The Adventures of Sportsman
Wednesday, May 28th, 2008In the last episode of Sportsman, our super hero was perilously dangling from a cliff, as he continued to tell fans that they clearly know much more than he does about sports. But unfortunately, the angry mob did not believe him, even as he persisted that they are smarter, better looking, and more knowledgeable about most sports — especially hockey, which he does not truly understand. And suddenly, springing from the bushes, Captain Spiffo came to his rescue!!
Sportsman: Captain Spiffo, are you here to save the day?
Captain Spiffo: No you silly sports boy, I am here to say funny things to your captors, and incite a riot.
Sportsman: Gee thanks Spiffo, how is that going to help me?
Captain Spiffo: Well, I’m hoping it will distract them and perhaps you can sneak away quietly — or maybe they will just kill you, making my job here much easier.
Sportsman: I don’t think it is going to work.
Captain Spiffo: Why not?
Sportsman: Well, my name is not Sportsman.
Captain Spiffo: Oh dear Sporty Spice, this could be trouble.
Sportsman: As recently as this week, it was revealed in a Superblog on the Internet, that I am a moron, and once had the “lame-o cover name” of one Den Cotton.
Captain Spiffo: This is very dangerous and could affect your non-sports super powers — like running out of HGH. You cannot be linked to Den Cotton. He is not trustworthy nor likable in the least. This spells trouble for Sports Land.
Sportsman: I know. What do you think I should do? I need to save Sports Land.
Captain Spiffo: You must call Token Girl. She is the smartest player on the Stumptown All-Stars B-league soccer team, and has the answer to everything.
(Sportsman summons Token Girl with his sports telepathy)
Sportsman: Hello Token Girl, I need your help, right away. My past identity of Den Cotton has been revealed.
Token Girl: I told you this was going to happen knucklehead. You don’t cover your tracks well. But I can help you.
Sportsman: I’m in big trouble T.K. People think I know something about football, baseball, hockey, water polo, ultimate fighting and badminton; and now everyone knows my past “lame-o cover name”…
Token Girl: That is definitely not a good situation and you are still a dope. However, I can make sure that everyone realizes you don’t know squat about those sports like a die hard fan would know. But unfortunately, you do know a few things about soccer — even though you totally suck and have the groin of a 70-year-old man. So stop crying like the little soccer boy that you are —- and get yourself together!! I have a plan.

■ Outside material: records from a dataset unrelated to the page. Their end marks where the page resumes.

(* Let $m$ be a positive integer, let $\lambda$ be the real root of $x^3-mx^2-1$, and let $K=\mathbb{Q}(\lambda)$. Then $\left(\frac{1}{1+\lambda+\lambda^2},\frac{\lambda}{1+\lambda+\lambda^2}\right)$ is a periodic point of $T_{K,5/2}$, i.e. it lies in $\Delta_K$ and there exist positive integers $m_1\neq n_1$ with $T_{K,5/2}^{m_1}\left(\frac{1}{1+\lambda+\lambda^2},\frac{\lambda}{1+\lambda+\lambda^2}\right)=T_{K,5/2}^{n_1}\left(\frac{1}{1+\lambda+\lambda^2},\frac{\lambda}{1+\lambda+\lambda^2}\right)$.
   Context: Let $K\subset\mathbb{R}$ be a real cubic number field, $N=N_{K/\mathbb{Q}}$ its norm, and $r=5/2$. Let $\Delta_K=\{(\alpha,\beta)\in K^2:\ 1,\alpha,\beta \text{ linearly independent over }\mathbb{Q},\ \alpha,\beta>0,\ \alpha+\beta<1\}$ and $Ind=\{(i,j): i,j\in\{0,1,2\},\ i\neq j\}$. Let $\Delta=\{(x,y)\in\mathbb{R}^2: x,y\ge 0,\ x+y\le 1\}$ and $\triangle(1,2)=\{(x,y)\in\Delta: x\ge y\}$, $\triangle(2,1)=\{x\le y\}$, $\triangle(0,1)=\{2x+y-1\le 0\}$, $\triangle(1,0)=\{2x+y-1\ge 0\}$, $\triangle(0,2)=\{x+2y-1\le0\}$, $\triangle(2,0)=\{x+2y-1\ge 0\}$ (all subsets of $\Delta$). Maps $T_{(i,j)}:\triangle(i,j)\to\Delta$: $T_{(1,2)}(x,y)=(\frac{x-y}{1-y},\frac{y}{1-y})$, $T_{(2,1)}(x,y)=(\frac{x}{1-x},\frac{y-x}{1-x})$, $T_{(0,1)}(x,y)=(\frac{x}{1-x},\frac{y}{1-x})$, $T_{(1,0)}(x,y)=(\frac{2x+y-1}{x+y},\frac{y}{x+y})$, $T_{(0,2)}(x,y)=(\frac{x}{1-y},\frac{y}{1-y})$, $T_{(2,0)}(x,y)=(\frac{x}{x+y},\frac{x+2y-1}{x+y})$. For $(\alpha,\beta)\in\Delta_K$ put $\gamma=1-\alpha-\beta$ and $v_{\{1,2\}}=\frac{\alpha^r\beta^r}{|N(\alpha)N(\beta)|}$, $v_{\{0,1\}}=\frac{\alpha^r\gamma^r}{|N(\alpha)N(\gamma)|}$, $v_{\{0,2\}}=\frac{\beta^r\gamma^r}{|N(\beta)N(\gamma)|}$; the maximum is attained at a unique pair $\{i_0,j_0\}$. $\varepsilon(\alpha,\beta)$ is the ordered pair $(i,j)\in Ind$ with $\{i,j\}=\{i_0,j_0\}$ and $(\alpha,\beta)\in\triangle(i,j)$, and $T_{K,5/2}(\alpha,\beta)=T_{\varepsilon(\alpha,\beta)}(\alpha,\beta)$ (a map $\Delta_K\to\Delta_K$). *)

From HB Require Import structures.
From mathcomp Require Import all_boot all_order all_algebra.
From mathcomp Require Import boolp classical_sets reals exp.
Set Implicit Arguments. Unset Strict Implicit. Unset Printing Implicit Defensive.
Import Order.TTheory GRing.Theory Num.Theory.
Local Open Scope ring_scope.

Section Defs.
Variable R : realType.
Implicit Types (lam x y : R) (p : R * R).

(* K = Q(lam) viewed inside R : the Q-span of 1, lam, lam^2
   (lam has degree 3 in the application). *)
Definition inK lam x : Prop :=
  exists a b c : rat, x = ratr a + ratr b * lam + ratr c * lam ^+ 2.

(* Field norm N_{K/Q}(x) = det of the matrix (over Q) of the Q-linear map
   "multiplication by x" in the basis (1, lam, lam^2):
   x * lam^j = \sum_i M i j * lam^i. *)
Definition mulmat lam x : 'M[rat]_3 :=
  xget 0 [set M : 'M[rat]_3 | forall j : 'I_3,
             x * lam ^+ j = \sum_(i < 3) ratr (M i j) * lam ^+ i].
Definition normK lam x : R := ratr (\det (mulmat lam x)).

Definition Qindep3 (a b : R) : Prop :=
  forall u v w : rat, ratr u + ratr v * a + ratr w * b = 0 -> [/\ u = 0, v = 0 & w = 0].

Definition inDeltaK lam p : Prop :=
  [/\ inK lam p.1, inK lam p.2, Qindep3 p.1 p.2 &
     [/\ 0 < p.1, 0 < p.2 & p.1 + p.2 < 1]].

Definition inInd (ij : nat * nat) : Prop := [/\ (ij.1 < 3)%N, (ij.2 < 3)%N & ij.1 <> ij.2].

Definition inDelta p : Prop := [/\ 0 <= p.1, 0 <= p.2 & p.1 + p.2 <= 1].
Definition tri (ij : nat * nat) p : Prop :=
  let x := p.1 in let y := p.2 in
  inDelta p /\
  match ij with
  | (1, 2)%N => y <= x
  | (2, 1)%N => x <= y
  | (0, 1)%N => 2 * x + y - 1 <= 0
  | (1, 0)%N => 2 * x + y - 1 >= 0
  | (0, 2)%N => x + 2 * y - 1 <= 0
  | (2, 0)%N => x + 2 * y - 1 >= 0
  | _ => False
  end.

Definition Tij (ij : nat * nat) p : R * R :=
  let x := p.1 in let y := p.2 in
  match ij with
  | (1, 2)%N => ((x - y) / (1 - y), y / (1 - y))
  | (2, 1)%N => (x / (1 - x), (y - x) / (1 - x))
  | (0, 1)%N => (x / (1 - x), y / (1 - x))
  | (1, 0)%N => ((2 * x + y - 1) / (x + y), y / (x + y))
  | (0, 2)%N => (x / (1 - y), y / (1 - y))
  | (2, 0)%N => (x / (x + y), (x + 2 * y - 1) / (x + y))
  | _ => p
  end.

(* coordinates: index 0 -> gamma = 1 - alpha - beta, 1 -> alpha, 2 -> beta *)
Definition coordK (k : nat) p : R :=
  match k with 0%N => 1 - p.1 - p.2 | 1%N => p.1 | _ => p.2 end.

Definition rr : R := 5%:R / 2%:R.

Definition vK lam (i j : nat) p : R :=
  powR (coordK i p) rr * powR (coordK j p) rr
  / `| normK lam (coordK i p) * normK lam (coordK j p) |.

Definition is_eps lam p (ij : nat * nat) : Prop :=
  [/\ inInd ij,
      (forall kl : nat * nat, inInd kl ->
         ~ (kl.1 = ij.1 /\ kl.2 = ij.2) -> ~ (kl.1 = ij.2 /\ kl.2 = ij.1) ->
         vK lam kl.1 kl.2 p < vK lam ij.1 ij.2 p)
    & tri ij p].

Definition TK lam p : option (R * R) :=
  if `[< inDeltaK lam p /\ exists! ij, is_eps lam p ij >]
  then Some (Tij (xget (0%N, 0%N) (is_eps lam p)) p)
  else None.

Fixpoint TKiter lam (n : nat) p : option (R * R) :=
  match n with
  | 0%N => Some p
  | n'.+1 => obind (TK lam) (TKiter lam n' p)
  end.

End Defs.

From HB Require Import structures.
From mathcomp Require Import all_boot all_order all_algebra.
From mathcomp Require Import boolp classical_sets reals exp.
From mathcomp Require Import ring lra zify.
Import Order.TTheory GRing.Theory Num.Theory.
Local Open Scope ring_scope.
Set Implicit Arguments. Unset Strict Implicit. Unset Printing Implicit Defensive.

(* In homogeneous coordinates (gamma : alpha : beta), T_(i,j) subtracts the j-th
   coordinate from the i-th one, and v_{i,j} is w(c_i) w(c_j) times a factor that does
   not depend on {i,j}, where w(x) = x^r / |N(x)|.  Starting from P = (lam^2 : 1 : lam),
   the coordinates stay a permutation of (lam^2 - k lam, lam, 1) with k <= m.  Since
   N(1) = N(lam) = 1 and N(lam^2 - k lam) = 1 + k^2 (m - k) < (lam^2 - k lam)^2, the
   coordinate 1 has the smallest weight, so epsilon always subtracts lam from
   lam^2 - k lam.  After m steps lam^2 - m lam = 1/lam, and rescaling by lam gives P with
   its coordinates rotated; three such phases return to P, hence T^(3m)(P) = P.
   The norm computations rest on N being multiplicative on K, i.e. on 1, lam, lam^2
   being Q-independent: x^3 - m x^2 - 1 has no rational root, so it is irreducible. *)

Lemma coprime_dvdX_eq1 (a b k : nat) : coprime a b -> (a %| b ^ k)%N -> a = 1%N.
Proof.
move=> coab dvab; apply/eqP; rewrite -dvdn1 -(eqnP (coprimeXr k coab)).
by rewrite dvdn_gcd dvdnn.
Qed.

Sportsman: O.K. What do we do T.K.?
Token Girl: First of all, you need to get rid of that sissy-looking soccer uniform and take off that hideous cape.
Sportsman: That’s not a cape T.K. It’s part of the All-Star jersey. Anyway … Good idea, I guess. What next?
Token Girl: You must show the world your manliness and accept a new name: Pseudoman, ruler of the alias!
Sportsman: Wow Token Girl, that is super cool and will get lots of chicks. I can fight sports crimes now and no one will think that I know anything about sports.
Token Girl: Well, you don’t know much about sports dorkbag. You know that, and I know that, but they don’t know that. And you can continue to write for the National Sports Review, pretending to know a lot about something that you clearly don’t, while mischievously saying ridiculous things with hidden messages and double meanings. But you must use your new name wisely, because you still know something about the pansy sport of soccer, which cannot be revealed to the masses, for they will realize your masculinity has been lost, and begin to think you have detailed sports analysis.
Sportsman: Thanks Token Girl. You are my hero.
And scene…
(In the next episode of Sportsman, it is revealed that Pseudoman once was a play-by-play announcer for the Evansville Otters of the Frontier League. Den Cotton … errr Sportsman … errrr Pseudoman begins to reminisce and wonder how he ever got the job in the booth as a bona fide announcer, while never playing the game of baseball, and not really knowing that much about the game at all — except listening to Harry Caray spell words backwards after school. Once, Pseudoman — then known as Denny — almost got hit in the gonads by a comebacker when he was 10, vowing to never play the game of baseball again, forever declaring his love for the wussy game of soccer. Indeed, he is a sports super hero!